David Farley of One Nation was ahead in the two-candidate preferred count, leading independent candidate Michelle Milthorpe by approximately 60 percent to 40 percent. With no Labor candidate in the race and a significant protest vote against the Liberals, Farley remarked that this marked the dawn of a new chapter for One Nation.
“We have concluded the initial phase for One Nation and are poised to break new ground,” Farley stated confidently.
Joyce, who previously served as deputy prime minister and led the National Party, described his switch to Pauline Hanson’s One Nation as a path that many from the Nationals, Liberals, and Labor have taken and will continue to take after him.
His joining of One Nation is being seen as key for the party to reach more voters, and he said he expected the result in Farrer to be replicated in other parts of the country.
“The Australian people are not dumb,” he told the ABC.
“What you saw tonight was not just a result for Farrer, it’s a result for Australia … and what we see is the Australian people saying I’m over this, I’m going to change things around, completely change the batting order, and they did it tonight.”

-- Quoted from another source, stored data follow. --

Lemma bsup_exists a b : exists m,
  [/\ fle E a m, fle E b m & forall c, flt E a c -> flt E b c -> flt E m c].
Proof.
have feq_refl x : feq E x x by apply/(ax1 HE); split; apply: fle_refl.
have le0_feq x : fle E x (fzero E) -> feq E x (fzero E).
  by move=> Hx; apply/(ax1 HE); split=> //; apply: (ax2 HE).
case: (ax15 HE a) => [a0 | Ha].
  exists b; split; [exact: (ax5 HE a0 (ax2 HE b)) | exact: fle_refl |].
  move=> g lt_ag lt_bg; apply: (ax10 HE) lt_ag lt_bg _ _.
  by left; split; [exact: le0_feq | exact: feq_refl].
case: (ax15 HE b) => [b0 | Hb].
  exists a; split; [exact: fle_refl | exact: (ax5 HE b0 (ax2 HE a)) |].
  move=> g lt_ag lt_bg; apply: (ax10 HE) lt_ag lt_bg _ _.
  by right; left; split; [exact: le0_feq | exact: feq_refl].
set fam := pairFam (exist _ a Ha) (exist _ b Hb).
have ub := proj2 (ax13 HE fam (fsup E _ fam)) (fle_refl _).
exists (fsup E _ fam); split=> [||g lt_ag lt_bg].
- by move: (ub (iso_from (isoFin U 2) ord0)); rewrite /fam pairFam_fst.
- by move: (ub (iso_from (isoFin U 2) ord_max)); rewrite /fam pairFam_snd.
by apply: (ax10 HE) lt_ag lt_bg _ _; right; right; exists Ha, Hb; exact: feq_refl.
Qed.

Lemma list_sup_exists (T : Type) (f : T -> car E) (s : seq T) : exists m,
  (forall y, In y s -> fle E (f y) m) /\
  (forall b, flt E (fzero E) b -> (forall y, In y s -> flt E (f y) b) -> flt E m b).
Proof.
elim: s => [|y s [m' [ub_m' lt_m']]]; first by exists (fzero E); split.
have [m [le_ym le_m'm lt_m]] := bsup_exists (f y) m'.
exists m; split=> [z [<- // | /ub_m' le_zm'] | b b_pos lt_b]; first exact: (ax5 HE le_zm' le_m'm).
by apply: lt_m; [apply: lt_b; left | apply: lt_m' => // z sz; apply: lt_b; right].
Qed.

Fixpoint ord_init (x : ord U) : car E :=
  match x with
  | O0 => fzero E
  | OS c h => fsup E c (fun i => exist _ (fsucc E (ord_init (h i))) (ax_succ HE (ord_init (h i))))
  end.

Definition ub_img (L : seq (ord U)) b : Prop := forall l, In l L -> fle E (ord_init l) b.

Lemma ub_img1 l : ub_img [:: l] (ord_init l).
Proof. by move=> l' [<- | []]; apply: fle_refl. Qed.

Lemma ord_init_le x b :
  fle E (ord_init x) b <-> forall y, subord [:: x] y -> fle E (fsucc E (ord_init y)) b.
Proof.
case: x => [|c h] /=.
  by split=> [_ y /subord1[i _] | _]; [case: (El_cFin0 i) | apply: (ax2 HE)].
rewrite -(ax13 HE) /=; split=> [H y /subord1[i ->] // | H i].
by apply: H; apply/subord1; exists i.
Qed.

Lemma ord_init_ltl_of_le y :
  (forall N b, ord_le y N -> ub_img N b -> fle E (ord_init y) b) ->
  forall L b, ltl y L -> ub_img L b -> flt E (ord_init y) b.
Proof.
move=> le_y L b [N [HN sN leN]] ubL.
have [m [ub_m lt_m]] := list_sup_exists ord_init N.
have lt_Nb n : In n N -> flt E (ord_init n) b.
  move=> /sN[l Ll [i En]]; apply/(ax9 HE); apply: (ax5 HE) (ubL l Ll).
  by apply: (proj1 (ord_init_le l _) (fle_refl _)); apply/subord1; exists i.
apply: (ax7 HE (le_y N m leN ub_m)); apply: lt_m => //.
case: N HN lt_Nb {sN leN ub_m} => [//|n N] _ /(_ n (or_introl erefl)).
exact: (ax7 HE (ax2 HE _)).
Qed.

Lemma ord_init_le_ub x L b : ord_le x L -> ub_img L b -> fle E (ord_init x) b.
Proof.
elim: x L b => [|c h IH] L b le_x ubL; first exact: (ax2 HE).
apply/ord_init_le => y /subord1[i ->]; apply/(ax9 HE).
apply: (ord_init_ltl_of_le (IH i)) ubL.
by move/ord_le_OS: le_x; apply.
Qed.

Lemma ord_init_ltl_ub y L b : ltl y L -> ub_img L b -> flt E (ord_init y) b.
Proof. by apply: ord_init_ltl_of_le => N b'; apply: ord_init_le_ub. Qed.

Lemma ord_init_morph : IsMorph (OrdFO U) E ord_init.
Proof.
split; [|split; [|split; [|split]]].
- by move=> a b /ord_ltP lt_ab; apply: ord_init_ltl_ub lt_ab (@ub_img1 b).
- by move=> a b le_ab; apply: ord_init_le_ub le_ab (@ub_img1 b).
- by apply/(ax1 HE); split; apply: fle_refl.
- move=> c al be be_al; apply: feq_of_ub => b.
  rewrite ord_init_le -(ax13 HE); split=> [H j | H y /subord_osup[j yj]].
    apply: (ax5 HE (feq_le (be_al j))); apply/ord_init_le => y yj.
    by apply: H; apply/subord_osup; exists j.
  exact: (proj1 (ord_init_le _ _) (ax5 HE (feq_le (feq_sym (be_al j))) (H j)) y yj).
- move=> a; apply: feq_of_ub => b; rewrite ord_init_le.
  by split=> [|H y /subord_osucc -> //]; apply; apply/subord_osucc.
Qed.

Lemma ord_init_unique g : IsMorph (OrdFO U) E g -> forall x, feq E (ord_init x) (g x).
Proof.
move=> [_ [g_le [g_0 [g_sup g_succ]]]]; elim=> [|c h IH]; first exact: feq_sym g_0.
pose al i : EStar (OrdFO U) := exist _ (osucc (h i)) (ax_succ (ord_forder U) (h i)).
have [le_OS_sup le_sup_OS] := OS_oEq_osup_osucc h.
have g_OS : feq E (g (OS c h)) (g (fsup (OrdFO U) c al)).
  by apply/(ax1 HE); split; apply: g_le.
apply: feq_sym; apply: feq_trans g_OS _; apply: g_sup => i.
exact: feq_trans (fsucc_feq (IH i)) (feq_sym (g_succ _)).
Qed.

End InitialMorphism.

Theorem theorem4p10 (U : FUniverse) :
  IsFOrder (OrdFO U) /\
  forall E : FOData U, IsFOrder E ->
    exists f : ord U -> car E,
      IsMorph (OrdFO U) E f /\
      forall g : ord U -> car E, IsMorph (OrdFO U) E g ->
        forall x : ord U, feq E (f x) (g x).
Proof.
split=> [|E HE]; first exact: ord_forder.
exists (ord_init HE); split; [exact: ord_init_morph | exact: ord_init_unique].
Qed.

Joyce lashed his former Coalition colleague Angus Taylor, whose success in the Liberal Party leadership spill in February led to the Farrer byelection when his predecessor Sussan Ley quit politics.
The result for the Liberals tonight was catastrophic, attracting about 12 per cent of the vote in a seat that has only ever been held by the Liberal or National parties in its 77-year history.

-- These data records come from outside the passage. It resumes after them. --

Lemma pigeonhole_exclusion {A B} (P : A -> B -> Prop) (es : list A) (cs : list B) :
  NoDup cs -> length es < length cs ->
  (forall e c c', In e es -> In c cs -> In c' cs -> P e c -> P e c' -> c = c') ->
  exists b, In b cs /\ forall e, In e es -> ~ P e b.
Proof.
  revert cs. induction es as [| e es IH]; intros cs Hnd Hlen Huniq.
  - destruct cs as [| c cs]; [simpl in Hlen; lia |]. exists c. split; [left; reflexivity | intros _ []].
  - destruct (classic (exists c, In c cs /\ P e c)) as [[c [Hc Hec]] | Hnone].
    + destruct (in_split c cs Hc) as [l1 [l2 ->]].
      destruct (IH (l1 ++ l2)) as [b [Hb Hgood]].
      * exact (NoDup_remove_1 _ _ _ Hnd).
      * rewrite length_app in *. simpl in *. lia.
      * intros e' x x' He' Hx Hx'. apply Huniq; [right; exact He' | |];
          apply in_or_app; apply in_app_or in Hx, Hx'; simpl; tauto.
      * assert (Hbc : b <> c).
        { intros ->. exact (NoDup_remove_2 _ _ _ Hnd Hb). }
        assert (Hb' : In b (l1 ++ c :: l2)) by (apply in_or_app; apply in_app_or in Hb; simpl; tauto).
        exists b. split; [exact Hb' |]. intros e' [<- | He'] Heb; [| exact (Hgood e' He' Heb)].
        exact (Hbc (Huniq e b c (or_introl eq_refl) Hb' Hc Heb Hec)).
    + destruct (IH cs Hnd) as [b [Hb Hgood]]; [simpl in Hlen; lia | |].
      * intros e' c c' He'. apply Huniq. right. exact He'.
      * exists b. split; [exact Hb |]. intros e' [<- | He'] Heb; [| exact (Hgood e' He' Heb)].
        exact (Hnone (ex_intro _ b (conj Hb Heb))).
Qed.

Lemma tournament_winner (es : list prf) (cs : list nat) R :
  NoDup cs -> length es < length cs ->
  (forall e a a', In e es -> In a cs -> In a' cs -> decided e a a' R) ->
  exists b, In b cs /\
    forall e, In e es -> exists y, In y cs /\ y <> b /\ unseparable e b y R.
Proof.
  intros Hnd Hlen Hdec.
  set (beats_nobody e c := ~ exists y, In y cs /\ y <> c /\ unseparable e c y R).
  destruct (pigeonhole_exclusion beats_nobody es cs Hnd Hlen) as [b [Hb Hgood]].
  - intros e c c' He Hc Hc' Hsink Hsink'. apply NNPP. intro Hcc'.
    destruct (Hdec e c c' He Hc Hc') as [Hun | Hun].
    + exact (Hsink (ex_intro _ c' (conj Hc' (conj (not_eq_sym Hcc') Hun)))).
    + exact (Hsink' (ex_intro _ c (conj Hc (conj Hcc' Hun)))).
  - exists b. split; [exact Hb |]. intros e He. exact (NNPP _ (Hgood e He)).
Qed.

Lemma in_le_list_max x l : In x l -> x <= list_max l.
Proof.
  intro Hx. assert (Hall : Forall (fun k => k <= list_max l) l) by now apply list_max_le.
  exact (proj1 (Forall_forall _ l) Hall x Hx).
Qed.

Lemma infinite_distinct_elements R m : infinite R ->
  exists l, length l = m /\ NoDup l /\ forall x, In x l -> R x = true.
Proof.
  intro HR. induction m as [| m [l [Hlen [Hnd Hl]]]].
  - exists []. repeat split; [constructor | intros x []].
  - destruct (HR (S (list_max l))) as [x [Hx HRx]].
    exists (x :: l). repeat split.
    + simpl. congruence.
    + constructor; [| exact Hnd]. intro Hin. apply in_le_list_max in Hin. lia.
    + intros x' [<- | Hx']; [exact HRx | exact (Hl x' Hx')].
Qed.

Record stage (enum : nat -> prf) (k : nat) (R : nat -> bool) (b : nat) (R' : nat -> bool) : Prop := {
  stage_mem : R b = true;
  stage_subset : subset R' R;
  stage_above : forall n, R' n = true -> b < n;
  stage_witness : forall j, j <= k ->
    exists y, R y = true /\ R' y = false /\ y <> b /\ unseparable (enum j) b y R'
}.

Lemma stage_exists enum k R : infinite R ->
  exists b R', infinite R' /\ stage enum k R b R'.
Proof.
  intro HR.
  destruct (infinite_distinct_elements R (S (S k)) HR) as [cs [Hlen [Hnd Hcs]]].
  set (es := map enum (seq 0 (S k))).
  destruct (dense_hereditary_forall (fun '(e, a, a') => decided e a a')
              (list_prod (list_prod es cs) cs))
    with (R := R) as [R1 [HR1 [Hinf1 Hdec]]];
    [intros [[e a] a']; apply decided_dense | intros [[e a] a']; apply decided_hereditary
    | exact HR |].
  destruct (tournament_winner es cs R1 Hnd) as [b [Hb Hwin]].
  - unfold es. rewrite length_map, length_seq. lia.
  - intros e a a' He Ha Ha'. exact (Hdec (e, a, a') (in_prod _ _ _ _ (in_prod _ _ _ _ He Ha) Ha')).
  - set (M := list_max cs).
    exists b, (fun n => R1 n && (M <? n)). split; [| split].
    + apply infinite_andb with (M := M); [exact Hinf1 |]. intros n _ Hn. now apply Nat.ltb_lt.
    + exact (Hcs b Hb).
    + intros n Hn. apply andb_prop in Hn as [Hn _]. exact (HR1 n Hn).
    + intros n Hn. apply andb_prop in Hn as [_ Hn]. apply Nat.ltb_lt in Hn.
      pose proof (in_le_list_max b cs Hb). unfold M in Hn. lia.
    + intros j Hj. destruct (Hwin (enum j)) as [y [Hy [Hyb Hun]]].
      { unfold es. apply in_map, in_seq. lia. }
      exists y. repeat split; [exact (Hcs y Hy) | | exact Hyb |].
      * apply andb_false_intro2, Nat.ltb_ge, in_le_list_max, Hy.
      * apply (unseparable_hereditary _ _ _ R1); [| exact Hun].
        intros n Hn. now apply andb_prop in Hn as [Hn _].
Qed.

Taylor blamed divisions within the Coalition as turning voters off.
“For too long we have been a party of convenience, not of conviction, and that must change,” he said.
“Over the last year or so the Coalition hasn’t done what it should do: been united and stable and strong, with two breakups of the Coalition over that time.

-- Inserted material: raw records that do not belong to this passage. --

(* If $X$ is a GO-space and $E$ is a countable metrizable space, then $E\times X$ is $C$-selective.
   Context: All spaces are assumed $T_1$. A GO-space (generalized ordered space) is a linearly ordered set with a topology finer than the order topology that has a base of order-convex sets. For spaces $Y$, $X$, a map $\varphi:Y\to\mathcal P(X)\setminus\{\emptyset\}$ is lower semicontinuous (l.s.c.) if $\{y:\varphi(y)\cap U\neq\emptyset\}$ is open in $Y$ for every open $U\subseteq X$; a selection is a map $f:Y\to X$ with $f(y)\in\varphi(y)$ for all $y$. $X$ is $Y$-selective if every l.s.c. map from $Y$ to the nonempty closed subsets of $X$ has a continuous selection; $X$ is $C$-selective if it is $Y$-selective for every countable regular space $Y$. *)

From HB Require Import structures.
From mathcomp Require Import all_boot all_order all_algebra.
From mathcomp Require Import all_classical all_reals all_analysis.
From mathcomp Require Import Rstruct Rstruct_topology.
Set Implicit Arguments. Unset Strict Implicit. Unset Printing Implicit Defensive.
Import Order.TTheory GRing.Theory Num.Theory.
Local Open Scope classical_set_scope.
Local Open Scope ring_scope.

(* T1 space (all spaces assumed T1 in the paper). *)
Definition T1_space (T : topologicalType) : Prop := @accessible_space T.

Definition order_convex (X : Type) (le : X -> X -> Prop) (A : set X) : Prop :=
  forall a b c, A a -> A c -> le a b -> le b c -> A b.

Definition linear_order (X : Type) (le : X -> X -> Prop) : Prop :=
  [/\ (forall x, le x x),
      (forall x y, le x y -> le y x -> x = y),
      (forall x y z, le x y -> le y z -> le x z)
    & (forall x y, le x y \/ le y x)].

(* GO-space: a linearly ordered set whose topology is finer than the order
   topology (every open ray is open; open rays form a subbase of the order
   topology) and which has a base of order-convex open sets. *)
Definition GO_space (X : topologicalType) (le : X -> X -> Prop) : Prop :=
  [/\ linear_order le,
      (forall a : X, open [set x | le a x /\ x <> a]),
      (forall a : X, open [set x | le x a /\ x <> a])
    & (forall (U : set X) (x : X), open U -> U x ->
         exists V : set X, [/\ open V, order_convex le V, V x & V `<=` U])].

Definition metrizable (E : topologicalType) : Prop :=
  exists d : E -> E -> Rdefinitions.R,
    [/\ (forall x y, 0 <= d x y),
        (forall x y, d x y = 0 <-> x = y),
        (forall x y, d x y = d y x),
        (forall x y z, d x z <= d x y + d y z)
      & (forall U : set E,
           open U <-> (forall x, U x -> exists2 e : Rdefinitions.R, 0 < e &
                        [set y | d x y < e] `<=` U))].

Definition lsc (Y X : topologicalType) (phi : Y -> set X) : Prop :=
  forall U : set X, open U -> open [set y | phi y `&` U !=set0].

Definition selective_for (Y X : topologicalType) : Prop :=
  forall phi : Y -> set X,
    (forall y, closed (phi y) /\ phi y !=set0) -> lsc phi ->
    exists f : Y -> X, continuous f /\ (forall y, phi y (f y)).

Definition C_selective (X : topologicalType) : Prop :=
  forall Y : topologicalType,
    countable [set: Y] -> @regular_space Y -> T1_space Y ->
    selective_for Y X.

(* A continuous selection of an l.s.c. closed-valued map on a countable space Y
   is obtained by shrinking the map, at the points of an enumeration of Y one
   after the other, to closed-valued l.s.c. submaps that are a singleton at the
   current point and upper semicontinuous there; these singletons then form the
   selection.

   To shrink psi at y0 to a point z0 of psi y0, use that a countable regular
   space is zero-dimensional: there are clopen neighbourhoods C_k of y0 decreasing
   to {y0} such that psi meets the neighbourhood V_k of z0 on C_(k+1).  On the
   layer C_(k+1) \ C_(k+2) take the closure of psi ∩ S_k, where psi meets S_k
   whenever it meets V_k and the closures of the S_k shrink to z0.

   In E * X, with z0 = (e0, x0), take S_k = B_k * ({x0} ∪ (a_k, x0) ∪ (x0, b_k))
   with B_k the metric balls around e0.  Since psi has only countably many
   fibres, each of them closed, the endpoints a_k < x0 < b_k can be chosen so that
   a point (e, w) of psi y with w near x0 is either in S_k or may be replaced by
   the point (e, x0) of psi y. *)

From mathcomp Require Import all_boot all_order all_algebra.
From mathcomp Require Import all_classical all_reals all_analysis.
From mathcomp Require Import Rstruct Rstruct_topology lra.
Set Implicit Arguments. Unset Strict Implicit. Unset Printing Implicit Defensive.
Import Order.TTheory GRing.Theory Num.Theory.
Local Open Scope classical_set_scope.

Lemma countable_nat_surj (T : Type) (t0 : T) : countable [set: T] ->
  exists e : nat -> T, forall t, exists n, e n = t.
Proof.
move=> /countable_injP[c cinj].
exists (fun n => if pselect (exists t, c t = n) is left h then projT1 (cid h) else t0).
move=> t; exists (c t); case: pselect => [h|]; last by case; exists t.
by case: (cid h) => t' /= ct'; apply: cinj; rewrite ?inE.
Qed.

Lemma nondecreasing_sets (T : Type) (A : nat -> set T) :
  (forall n, A n `<=` A n.+1) -> forall n m, (n <= m)%N -> A n `<=` A m.
Proof.
by move=> AS; apply: (homo_leq (r := @subset T)) => [B|B C D|//];
  [exact: subset_refl | exact: subset_trans].
Qed.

Ley, who held the seat for 25 years, released a statement tonight as a warning to Taylor.
“I urge the Liberal leadership to accept this result with humility because the voters never get it wrong,” she said.
“On the day the leadership spilled in February, the new leader said the Liberal Party needed to ‘change or die’.
“Three months later, the result in Farrer demonstrates that statement to be far truer today than it ever was.”